Thursday, April 3, 2014

The New Yorker, Israel's Jerusalem and the Nazi Anschluss

...But the fact that Packer lumps together these distinctly different events, each with its own historical context, is of no importance to The New Yorker. All that matters is that it sounds clever and allows the smug writers at the magazine to take another swipe at Israel.

Steven Stolsky..
CAMERA Snapshots..
02 April '14..

The New Yorker likes to insert into its articles digs at Israel. Another one popped up in the introduction to a piece on the Russian annexation of Crimea. George Packer writes,

Annexation has an ugly sound, owing to an unhappy past. The term describes, among other tragedies, Saddam Hussein’s attempt, in 1990, to swallow Kuwait whole, as the nineteenth province of Iraq; Indonesia’s invasion, in 1975, of East Timor; Morocco’s absorption, the same year, of Western Sahara; and Israel’s declaration, after the 1967 war, of East Jerusalem as part of a united capital. The German word for it is Anschluss.

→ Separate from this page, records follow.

(* Let $G$ be a Lie group, $H\subseteq G$ a closed subgroup, and $\mathfrak{g}=\mathfrak{h}\oplus\mathfrak{m}$ a reductive decomposition. Equip $G/H$ with a $G$-invariant Riemannian metric (an $\mathrm{Ad}(H)$-invariant inner product $\langle\cdot,\cdot\rangle$ on $\mathfrak{m}$) with Levi-Civita connection $\nabla$. If $G/H$ admits a $G$-invariant Codazzi tensor field $A$ with $\nabla A\neq 0$, then the difference sectional curvature $K^d$ takes both positive and negative values, i.e. there are $2$-planes $\Pi,\Pi'\subseteq\mathfrak{m}$ with $K^d(\Pi)>0$ and $K^d(\Pi')<0$.
   Context: A reductive decomposition means $\mathfrak{m}$ is an $\mathrm{Ad}(H)$-invariant vector space complement of $\mathfrak{h}$ in $\mathfrak{g}$; $[X,Y]_{\mathfrak{m}}$ and $[X,Y]_{\mathfrak{h}}$ are the components of $[X,Y]$ in $\mathfrak{g}=\mathfrak{h}\oplus\mathfrak{m}$, and $\mathfrak{m}\cong T_{eH}(G/H)$. $G$-invariant tensor fields correspond to $\mathrm{Ad}(H)$-invariant tensors on $\mathfrak{m}$. A Codazzi tensor field is a symmetric twice-covariant tensor field $A$ with $(\nabla_XA)(Y,Z)=(\nabla_YA)(X,Z)$ for all vector fields. The Levi-Civita product $\alpha:\mathfrak{m}\times\mathfrak{m}\to\mathfrak{m}$ is defined by $2\langle\alpha(X,Y),Z\rangle=\langle[X,Y]_{\mathfrak{m}},Z\rangle-\langle X,[Y,Z]_{\mathfrak{m}}\rangle-\langle[X,Z]_{\mathfrak{m}},Y\rangle$. The Riemann curvature of the metric at $eH$ is $R(X,Y)Z=\alpha(X,\alpha(Y,Z))-\alpha(Y,\alpha(X,Z))-\alpha([X,Y]_{\mathfrak{m}},Z)-[[X,Y]_{\mathfrak{h}},Z]$, and the curvature of the canonical connection of the second kind $\nabla^0$ (the $G$-invariant connection corresponding to the zero product on $\mathfrak{m}$) is $R^0(X,Y)Z=-[[X,Y]_{\mathfrak{h}},Z]$, for $X,Y,Z\in\mathfrak{m}$. The difference curvature tensor is $R^d=R-R^0$, i.e. $R^d(X,Y)Z=\alpha(X,\alpha(Y,Z))-\alpha(Y,\alpha(X,Z))-\alpha([X,Y]_{\mathfrak{m}},Z)$. For a $2$-plane $\Pi\subseteq\mathfrak{m}$ with orthonormal basis $\{X,Y\}$, $K^d(\Pi)=\langle R^d(X,Y)Y,X\rangle=K(\Pi)-K^0(\Pi)$, where $K$ is the sectional curvature of the metric and $K^0(\Pi)=\langle R^0(X,Y)Y,X\rangle$ (independent of the orthonormal basis). *)

(* Algebraic (infinitesimal) model of a reductive
   homogeneous space G/H: everything is expressed at the origin eH through
   the reductive decomposition g = h (+) m, as in the paper's setting. *)
From HB Require Import structures.
From mathcomp Require Import all_boot all_order all_algebra.
From mathcomp Require Import reals.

Like most coerced unions, annexations come wreathed in clouds of lofty, dishonest language—key themes are popular will, historic grievance, divine providence—but they almost always happen at the end of a gun.

The magazine has a reputation for skillful writing, but not so much for accuracy or for making sound historical analogies, especially when it comes to Israel.

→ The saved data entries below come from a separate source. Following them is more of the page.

(* A run of U-PB(x0hat, chi, lam0, eps, Nbar) in which iterations 1..J reach Step 2
   (i.e. the algorithm has not stopped at Step 1 of any iteration j <= J).
   For iteration j >= 1:
     lam j  = prox stepsize used at iteration j,
     ctr j  = prox center  \hat x_{k-1} used at iteration j,
     mdl j  = bundle model f_j,
     x j    = x_j,
     Nc j   = value of the counter N when entering Step 2 of iteration j,
     pb j   = \bar\phi_j,   t j = t_j. *)
Definition UPB_run (f h : vec -> \bar R) (f' : vec -> vec) (phistar : R)
    (x0hat : vec) (chi lam0 eps : R) (Nbar : nat) (J : nat)
    (lam : nat -> R) (ctr : nat -> vec) (mdl : nat -> vec -> \bar R)
    (x : nat -> vec) (Nc : nat -> nat) (pb t : nat -> R) : Prop :=
  let phi := fun u => (f u + h u)%E in
  let thr := (1 - chi) * eps / 2 in
  [/\
   [/\ lam 1%N = lam0, ctr 1%N = x0hat, Nc 1%N = 0%N,
       cvx (mdl 1%N) & fle (lin f f' x0hat) (mdl 1%N) /\ fle (mdl 1%N) f],
   (forall j, (1 <= j <= J)%N ->
     [/\ is_argmin (proxobj (mdl j) h (lam j) (ctr j)) (x j),
         ~ (phi (x j) - phistar%:E <= eps%:E)%E,
         (pb j)%:E = (if Nc j == 0%N
                      then phi (x j) + (chi / (2 * lam j) * norm2 (x j - ctr j) ^+ 2)%:E
                      else mine (pb j.-1)%:E
                             (phi (x j) + (chi / (2 * lam j) * norm2 (x j - ctr j) ^+ 2)%:E))%E
       & (t j)%:E = ((pb j)%:E - (mdl j (x j) + h (x j)
                       + (norm2 (x j - ctr j) ^+ 2 / (2 * lam j))%:E))%E])
   &
   (forall j, (1 <= j < J)%N ->
     if (thr < t j) && (Nc j + 1 < Nbar)%N then
       (* null update *)
       [/\ lam j.+1 = lam j, ctr j.+1 = ctr j, Nc j.+1 = (Nc j + 1)%N
         & BU_out f h f' (ctr j) (x j) (mdl j) (lam j) (mdl j.+1)]
     else if thr < t j then
       (* reset update (here N = Nbar) *)
       [/\ lam j.+1 = lam j / 2, ctr j.+1 = ctr j, Nc j.+1 = 0%N,
           cvx (mdl j.+1) & fle (lin f f' (ctr j.+1)) (mdl j.+1) /\ fle (mdl j.+1) f]
     else
       (* serious update *)
       [/\ lam j.+1 = lam j, ctr j.+1 = x j, Nc j.+1 = 0%N,
           cvx (mdl j.+1) & fle (lin f f' (ctr j.+1)) (mdl j.+1) /\ fle (mdl j.+1) f])].

End UPB.

From mathcomp Require Import all_boot all_order all_algebra.
From mathcomp Require Import all_classical all_reals all_analysis.
From mathcomp Require Import ring lra.
Set Implicit Arguments. Unset Strict Implicit. Unset Printing Implicit Defensive.
Import Order.TTheory GRing.Theory Num.Theory.
Local Open Scope ring_scope.
Local Open Scope classical_set_scope.

(* Within a cycle the prox center and the stepsize stay fixed and every step is a null
   update.  For consecutive iterates x_k, x_(k+1) at distance D, the gap t_(k+1) is bounded
   both by t_k - D^2/(2 lam), because the new model dominates the old one, whose prox
   objective grows quadratically away from its minimizer x_k, and by (2 M + L D) D, because
   the new model dominates the linearization of f at x_k.  A convex combination of the two
   bounds, with AM-GM on 2 M D, eliminates D and yields the contraction
   (1 + u) (t_(k+1) - d) <= u (t_k - d) with d = (1 - chi) eps / 4 and u = u_lam.
   As t_j > 2 d, iterating it along the cycle and using exp (-1/(1+u)) >= u/(1+u)
   bounds j - i. *)

Section RealInequalities.
Variable R : realType.
Implicit Types (u d e T D K M L lam : R) (a : nat -> R).

(* The paper's u_lambda, with e standing for (1 - chi) eps. *)
Definition null_rate M L lam e := 4 * lam * (2 * M ^+ 2 + e * L) / e.

Lemma null_rate_ge0 M L lam e : 0 <= L -> 0 <= lam -> 0 <= e -> 0 <= null_rate M L lam e.
Proof.
move=> L0 lam0 e0; apply: divr_ge0 => //; apply: mulr_ge0; first lra.
by apply: addr_ge0; [rewrite mulr_ge0 // sqr_ge0 | exact: mulr_ge0].
Qed.

Lemma le0_of_linear_le_quadratic D K : 0 <= K ->
  (forall s, 0 < s < 1 -> s * D <= s ^+ 2 * K) -> D <= 0.
Proof.
move=> K0 hs; rewrite leNgt; apply/negP => D0.
pose s := D / (2 * (D + K + 1)).
have s0 : 0 < s by rewrite divr_gt0 //; lra.
have sK : s * (2 * (D + K + 1)) = D by rewrite mulfVK // gt_eqF //; lra.
have s1 : s < 1 by nra.
have := hs s; rewrite s0 s1 expr2 -mulrA ler_pM2l // => /(_ isT).
nra.
Qed.

Lemma gap_recursion M L lam e D (t0 t1 : R) :
  0 <= M -> 0 <= L -> 0 < lam -> 0 < e -> 0 <= D ->
  t1 <= t0 - D ^+ 2 / (2 * lam) -> t1 <= (2 * M + L * D) * D ->
  (1 + null_rate M L lam e) * (t1 - e / 4) <= null_rate M L lam e * (t0 - e / 4).
Proof.
move=> M0 L0 lam0 e0 D0 hdesc hlin; set u := null_rate M L lam e.
have u0 : 0 <= u by rewrite null_rate_ge0 // ltW.
have uD : u * (D ^+ 2 / (2 * lam)) = 4 * M ^+ 2 * D ^+ 2 / e + 2 * L * D ^+ 2.
  by rewrite /u /null_rate; field; rewrite !gt_eqF.
have amgm : 2 * M * D <= e / 4 + 4 * M ^+ 2 * D ^+ 2 / e.
  have -> : e / 4 + 4 * M ^+ 2 * D ^+ 2 / e = 2 * M * D + (e / 2 - 2 * M * D) ^+ 2 / e.
    by field; rewrite gt_eqF.
  by rewrite lerDl divr_ge0 ?sqr_ge0 ?ltW.
have ut1 : u * t1 <= u * (t0 - D ^+ 2 / (2 * lam)) by rewrite ler_wpM2l.
have LD : 0 <= L * D ^+ 2 by rewrite mulr_ge0 ?sqr_ge0.
rewrite mulrBr uD in ut1.
nra.
Qed.

Lemma natr_lt_ln_of_geometric u d T (m : nat) : 0 <= u -> 0 < d ->
  d * (1 + u) ^+ m < u ^+ m * T -> m%:R < (1 + u) * ln (T / d).
Proof.
move=> u0 d0 hT.
have u1 : 0 < 1 + u by lra.
have pm : 0 < (1 + u) ^+ m by rewrite exprn_gt0.
have T0 : 0 < T.
  rewrite ltNge; apply/negP => T0.
  have : u ^+ m * T <= 0 by rewrite mulr_ge0_le0 ?exprn_ge0.
  have : 0 < d * (1 + u) ^+ m by rewrite mulr_gt0.
  lra.
pose y := m%:R / (1 + u).
have ue : u <= (1 + u) * expR (- (1 + u)^-1).
  have {1}-> : u = (1 + u) * (1 + - (1 + u)^-1) by field; rewrite gt_eqF.
  by apply: ler_wpM2l; [exact: ltW | exact: expR_ge1Dx].
have um : u ^+ m <= (1 + u) ^+ m * expR (- y).
  rewrite /y -mulrN expRM_natl -exprMn lerXn2r // nnegrE.
  by rewrite mulr_ge0 ?expR_ge0 ?ltW.
have dy : d < expR (- y) * T.
  rewrite -(ltr_pM2r pm); apply: lt_le_trans hT _.
  rewrite [X in _ <= X](_ : _ = (1 + u) ^+ m * expR (- y) * T); last by ring.
  by apply: ler_wpM2r; [exact: ltW | exact: um].
have ey : expR y < T / d.
  by rewrite ltr_pdivlMr // mulrC -ltr_pdivlMr ?expR_gt0 // -expRN mulrC.
have : y < ln (T / d) by rewrite -ltr_expR lnK // posrE divr_gt0.
by rewrite ltr_pdivrMr // mulrC.
Qed.

Lemma contraction_pow u d a (m : nat) : 0 <= u ->
  (forall k, (k < m)%N -> (1 + u) * (a k.+1 - d) <= u * (a k - d)) ->
  (1 + u) ^+ m * (a m - d) <= u ^+ m * (a 0 - d).
Proof.
move=> u0; elim: m => [|m IH] hrec; first by rewrite !expr0 !mul1r.
have IHm : (1 + u) ^+ m * (a m - d) <= u ^+ m * (a 0 - d).
  by apply: IH => k km; rewrite hrec // ltnS ltnW.
rewrite exprSr -mulrA exprS -mulrA.
apply: le_trans (_ : (1 + u) ^+ m * (u * (a m - d)) <= _).
  by rewrite ler_wpM2l ?exprn_ge0 ?hrec //; lra.
by rewrite mulrCA ler_wpM2l.
Qed.

Lemma steps_lt_ln_of_contraction u d a (m : nat) : 0 <= u -> 0 < d ->
  (forall k, (k < m)%N -> (1 + u) * (a k.+1 - d) <= u * (a k - d)) ->
  2 * d < a m -> m%:R < (1 + u) * ln (a 0 / d).
Proof.
move=> u0 d0 hrec ham; apply: natr_lt_ln_of_geometric => //.
have pm : 0 < (1 + u) ^+ m by rewrite exprn_gt0 //; lra.
apply: (@lt_le_trans _ _ ((1 + u) ^+ m * (a m - d))).
  by rewrite mulrC ltr_pM2l //; lra.
apply: le_trans (contraction_pow u0 hrec) _.
by rewrite ler_wpM2l ?exprn_ge0 //; lra.
Qed.

End RealInequalities.

Lemma eq_stationary (T : Type) (a : nat -> T) (i j : nat) :
  (forall k, (i <= k < j)%N -> a k.+1 = a k) -> forall k, (i <= k <= j)%N -> a k = a i.
Proof.
move=> step; elim=> [|k IH] /andP[ik kj]; first by move: ik; rewrite leqn0 => /eqP->.
move: ik; rewrite leq_eqVlt ltnS => /orP[/eqP-> // | ik].
by rewrite step ?IH ?ik ?kj ?(ltnW kj).
Qed.

Section InnerProduct.
Variables (R : realType) (n : nat).
Implicit Types (a b c : 'rV[R]_n) (s : R).

Lemma dotvC a b : dotv a b = dotv b a.
Proof. by apply: eq_bigr => k _; rewrite mulrC. Qed.

Lemma dotvDl a b c : dotv (a + b) c = dotv a c + dotv b c.
Proof. by rewrite /dotv -big_split; apply: eq_bigr => k _; rewrite !mxE mulrDl. Qed.

Lemma dotvBl a b c : dotv (a - b) c = dotv a c - dotv b c.
Proof. by rewrite /dotv -sumrB; apply: eq_bigr => k _; rewrite !mxE mulrBl. Qed.

Lemma dotvZl s a b : dotv (s *: a) b = s * dotv a b.
Proof. by rewrite /dotv mulr_sumr; apply: eq_bigr => k _; rewrite !mxE mulrA. Qed.

Lemma dotvDr a b c : dotv a (b + c) = dotv a b + dotv a c.
Proof. by rewrite dotvC dotvDl !(dotvC a). Qed.

Lemma dotvBr a b c : dotv a (b - c) = dotv a b - dotv a c.
Proof. by rewrite dotvC dotvBl !(dotvC a). Qed.

Lemma dotvZr s a b : dotv a (s *: b) = s * dotv a b.
Proof. by rewrite dotvC dotvZl dotvC. Qed.

Lemma dotv_ge0 a : 0 <= dotv a a.
Proof. by apply: sumr_ge0 => k _; rewrite -expr2 sqr_ge0. Qed.

Lemma norm2_ge0 a : 0 <= norm2 a.
Proof. exact: sqrtr_ge0. Qed.

Lemma norm2_sqr a : norm2 a ^+ 2 = dotv a a.
Proof. by rewrite sqr_sqrtr // dotv_ge0. Qed.

Lemma dotv_sqr_le a b : dotv a b ^+ 2 <= dotv a a * dotv b b.
Proof.
set A := dotv a a; set B := dotv b b; set C := dotv a b.
have quad s : 0 <= s ^+ 2 * A - 2 * s * C + B.
  have := dotv_ge0 (s *: a - b).
  rewrite dotvBl !dotvBr !dotvZl !dotvZr (dotvC b a) -/A -/B -/C.
  by congr (_ <= _); ring.
have [A0 | /negPf A_neq0] := eqVneq A 0.
  have [-> | C_neq0] := eqVneq C 0; first by rewrite A0 expr0n mul0r.
  have := quad ((B + 1) / (2 * C)); rewrite A0.
  have -> : 2 * ((B + 1) / (2 * C)) * C = B + 1 by field.
  lra.
have A_gt0 : 0 < A by rewrite lt_def A_neq0 dotv_ge0.
have := quad (C / A).
have -> : (C / A) ^+ 2 * A - 2 * (C / A) * C + B = (A * B - C ^+ 2) / A.
  by field; rewrite A_neq0.
by rewrite pmulr_lge0 ?invr_gt0 // subr_ge0.
Qed.

Lemma dotv_le_norm2 a b : dotv a b <= norm2 a * norm2 b.
Proof.
rewrite /norm2 -sqrtrM ?dotv_ge0 //; apply: le_trans (ler_norm _) _.
by rewrite -sqrtr_sqr ler_sqrt ?dotv_sqr_le ?mulr_ge0 ?dotv_ge0.
Qed.

End InnerProduct.

Section ProxGrowth.
Variables (R : realType) (n : nat).
Local Notation vec := 'rV[R]_n.

Lemma prox_argmin_quadratic_growth (m g : vec -> \bar R) (lam : R) (c x y : vec)
    (mx gx my gy : R) :
  convex_fun m -> convex_fun g -> 0 < lam -> is_argmin (proxobj m g lam c) x ->
  m x = mx%:E -> g x = gx%:E -> m y = my%:E -> g y = gy%:E ->
  mx + gx + norm2 (x - c) ^+ 2 / (2 * lam) + norm2 (y - x) ^+ 2 / (2 * lam)
    <= my + gy + norm2 (y - c) ^+ 2 / (2 * lam).
Proof.
move=> m_cvx g_cvx lam0 xmin emx egx emy egy.
rewrite !norm2_sqr.
set P := dotv (x - c) (x - c); set W := dotv (y - x) (y - x).
set C := dotv (x - c) (y - x); set il := (2 * lam)^-1.
have il0 : 0 < il by rewrite invr_gt0; lra.
have W0 : 0 <= W by exact: dotv_ge0.
have eyc : dotv (y - c) (y - c) = P + 2 * C + W.
  have -> : y - c = (x - c) + (y - x) by apply/rowP => k; rewrite !mxE; ring.
  by rewrite dotvDl (dotvDr (x - c)) (dotvDr (y - x)) (dotvC (y - x)) -/P -/W -/C; ring.
(* compare x with the points x + s (y - x), 0 < s < 1, of the segment [x, y] *)
suff : mx + gx - my - gy - 2 * C * il <= 0 by rewrite eyc; nra.
apply: (le0_of_linear_le_quadratic (K := W * il)) => [|s s01].
  by rewrite mulr_ge0 // ltW.
have := xmin (s *: y + (1 - s) *: x); rewrite /proxobj.
have -> : s *: y + (1 - s) *: x - c = (x - c) + s *: (y - x).
  by apply/rowP => k; rewrite !mxE; ring.
have := m_cvx y x s s01; have := g_cvx y x s s01.
rewrite emx egx emy egy !norm2_sqr (dotvDl (x - c) (s *: (y - x))).
rewrite (dotvDr (x - c) (x - c)) (dotvDr (s *: (y - x))) !dotvZl !dotvZr (dotvC (y - x)).
rewrite -/P -/W -/C -/il -!EFinM -!EFinD => gs ms xs.
have := le_trans xs (leeD (leeD ms gs) (lexx _)).
rewrite -!EFinD lee_fin; nra.
Qed.

End ProxGrowth.

Section ExtendedReals.
Variable R : realType.

Lemma EFin_of_neqNy_ltey (e : \bar R) : (e != -oo)%E -> (e < +oo)%E -> exists r, e = r%:E.
Proof. by case: e => [r| |] // _ _; exists r. Qed.

Lemma fin_summands_of_gap (a b : \bar R) (p q t : R) : (a != -oo)%E -> (b != -oo)%E ->
  t%:E = (p%:E - (a + b + q%:E))%E -> exists ra rb, a = ra%:E /\ b = rb%:E.
Proof. by case: a => [ra| |]; case: b => [rb| |] // _ _; exists ra, rb. Qed.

With the exception of Israel, the annexations Packer lists - by Iraq, Indonesia, Morocco and Germany - share common traits; they were unprovoked acts of aggression ordered by authoritarian rulers. Israel's annexation of east Jerusalem was the result of a defensive war fought by a democratic state responding to aggression committed by Jordan. That's a big difference.

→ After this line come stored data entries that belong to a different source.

(* Let $\mathcal X=\{1,\dots,N\}$ with $N\ge 2$, let $0<\alpha<1$ and $0\le\varepsilon\le 1-\frac1N$. Let $p,q$ be probability distributions on $\mathcal X$ with $p(x)>0$ for all $x\in\mathcal X$, and let $y\in\mathcal X$. Put $p_0'=U_{\alpha,0}(p,y)$ and $p_\varepsilon'=U_{\alpha,\varepsilon}(p,y)$. Then \[ D(q\parallel p_0')\;\ge\; D(q\parallel p_\varepsilon')-\log\frac1{1-\varepsilon}. \]
   Context: All logarithms are natural. For a distribution $p$ on $\mathcal X$, a letter $y\in\mathcal X$, $0<\alpha<1$ and $0\le\varepsilon\le 1-\frac1N$, the update $U_{\alpha,\varepsilon}(p,y)$ is the distribution $p'$ with $p'(x)=\alpha p(x)+(1-\alpha)(1-\varepsilon)$ if $x=y$ and $p'(x)=\alpha p(x)+(1-\alpha)\frac{\varepsilon}{N-1}$ if $x\ne y$. For distributions $q,r$ on $\mathcal X$ with $r(x)>0$ for all $x$, the KL divergence is $D(q\parallel r)=\sum_{x:\,q(x)>0} q(x)\log\frac{q(x)}{r(x)}$. *)

From mathcomp Require Import all_boot all_order all_algebra.
From mathcomp Require Import all_classical all_reals all_analysis.
Set Implicit Arguments. Unset Strict Implicit. Unset Printing Implicit Defensive.
Import Order.TTheory GRing.Theory Num.Theory.
Local Open Scope ring_scope.

(* The alphabet X = {1,...,N} is represented by 'I_N. *)
Definition is_distr (R : realType) (N : nat) (p : 'I_N -> R) : Prop :=
  (forall x, 0 <= p x) /\ \sum_(x < N) p x = 1.

Definition update (R : realType) (N : nat) (alpha eps : R) (p : 'I_N -> R)
  (y : 'I_N) : 'I_N -> R :=
  fun x => if x == y then alpha * p x + (1 - alpha) * (1 - eps)
           else alpha * p x + (1 - alpha) * (eps / (N%:R - 1)).

Definition KL (R : realType) (N : nat) (q r : 'I_N -> R) : R :=
  \sum_(x < N | 0 < q x) q x * ln (q x / r x).

From mathcomp Require Import all_boot all_order all_algebra.
From mathcomp Require Import all_classical all_reals all_analysis.
From mathcomp Require Import lra.
Import Order.TTheory GRing.Theory Num.Theory.
Local Open Scope ring_scope.

(* Pointwise, (1 - eps) U_{alpha,0}(p,y) <= U_{alpha,eps}(p,y): the smoothing
   removes at most a fraction eps of the mass at y and only adds mass
   elsewhere.  Since ln is monotone, each term q x ln (q x / r x) of the
   divergence grows by at most - q x ln (1 - eps) when r = U_{alpha,eps}(p,y)
   is replaced by U_{alpha,0}(p,y), and these increments sum to
   - ln (1 - eps) = ln (1 / (1 - eps)) because q has total mass 1 on its
   support. *)

Lemma sum_support_ge0 (R : realType) (N : nat) (q : 'I_N -> R) :
  (forall x, 0 <= q x) -> \sum_(x < N | 0 < q x) q x = \sum_(x < N) q x.
Proof.
move=> q_ge0; rewrite [RHS](bigID (fun x => 0 < q x)) /=.
rewrite [X in _ = _ + X]big1 ?addr0 // => x; rewrite -leNgt => q_le0.
by apply/eqP; rewrite eq_le q_le0 q_ge0.
Qed.

Lemma KL_le_scaled (R : realType) (N : nat) (c : R) (q r s : 'I_N -> R) :
  0 < c -> is_distr q -> (forall x, 0 < r x) ->
  (forall x, c * r x <= s x) ->
  KL q s <= KL q r - ln c.
Proof.
move=> c_gt0 [q_ge0 q_sum1] r_gt0 crs.
have -> : KL q r - ln c = \sum_(x < N | 0 < q x) q x * ln (q x / (c * r x)).
  rewrite -[ln c]mul1r -q_sum1 -sum_support_ge0 // mulr_suml -sumrB.
  apply: eq_bigr => x q_gt0; rewrite -mulrBr (mulrC c) invfM mulrA.
  by rewrite [ln (_ / c)]lnM ?lnV ?posrE ?divr_gt0 ?invr_gt0.
rewrite /KL; apply: ler_sum => x q_gt0; rewrite ler_pM2l //.
have cr_gt0 : 0 < c * r x by rewrite mulr_gt0.
have s_gt0 : 0 < s x by apply: lt_le_trans (crs x).
rewrite ler_ln ?posrE ?divr_gt0 //.
by rewrite ler_pM2l // lef_pV2 ?posrE.
Qed.

Lemma update0_gt0 (R : realType) (N : nat) (alpha : R) (p : 'I_N -> R)
    (y : 'I_N) :
  0 < alpha -> alpha <= 1 -> (forall x, 0 < p x) ->
  forall x, 0 < update alpha 0 p y x.
Proof.
move=> alpha_gt0 alpha_le1 p_gt0 x; have := mulr_gt0 alpha_gt0 (p_gt0 x).
by rewrite /update; case: ifP => _; rewrite ?subr0 ?mulr1 ?mul0r ?mulr0; lra.
Qed.

Lemma update_ge_scaled_update0 (R : realType) (N : nat) (alpha eps : R)
    (p : 'I_N -> R) (y : 'I_N) :
  (0 < N)%N -> 0 <= alpha <= 1 -> 0 <= eps -> (forall x, 0 <= p x) ->
  forall x, (1 - eps) * update alpha 0 p y x <= update alpha eps p y x.
Proof.
move=> N_gt0 /andP[alpha_ge0 alpha_le1] eps_ge0 p_ge0 x.
have N1_ge0 : 0 <= (N%:R : R) - 1 by rewrite subr_ge0 ler1n.
have mass_ge0 : 0 <= (1 - alpha) * (eps / (N%:R - 1)).
  by rewrite mulr_ge0 ?divr_ge0 // subr_ge0.
have := mulr_ge0 eps_ge0 (mulr_ge0 alpha_ge0 (p_ge0 x)).
by rewrite /update; case: ifP => _; rewrite ?mul0r ?subr0 ?mulr0 ?addr0; nra.
Qed.

Theorem lemma1 (R : realType) (N : nat) (alpha eps : R) (p q : 'I_N -> R)
  (y : 'I_N) :
  (2 <= N)%N ->
  0 < alpha -> alpha < 1 ->
  0 <= eps -> eps <= 1 - 1 / N%:R ->
  is_distr p -> is_distr q ->
  (forall x, 0 < p x) ->
  KL q (update alpha 0 p y) >=
    KL q (update alpha eps p y) - ln (1 / (1 - eps)).
Proof.
move=> N_ge2 alpha_gt0 alpha_lt1 eps_ge0 eps_le _ q_distr p_gt0.
have N_gt0 : (0 < N)%N by apply: leq_trans N_ge2.
have eps_lt1 : 0 < 1 - eps.
  have : 0 < 1 / (N%:R : R) by rewrite divr_gt0 // ltr0n.
  lra.
rewrite div1r lnV ?posrE // opprK -lerBrDr.
apply: KL_le_scaled => //.
- by apply: update0_gt0 => //; apply: ltW.
- apply: update_ge_scaled_update0 => //; first by rewrite !ltW.
  by move=> x; apply: ltW.
Qed.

There are other differences too. Some of the annexations involved territories on which the annexers had dubious historical claims. There is no reasonable doubt about the connection of the Jewish people to Jerusalem. Furthermore, the city had only been divided for 19 years as a result of Jordanian aggression in 1948.

But the fact that Packer lumps together these distinctly different events, each with its own historical context, is of no importance to The New Yorker. All that matters is that it sounds clever and allows the smug writers at the magazine to take another swipe at Israel.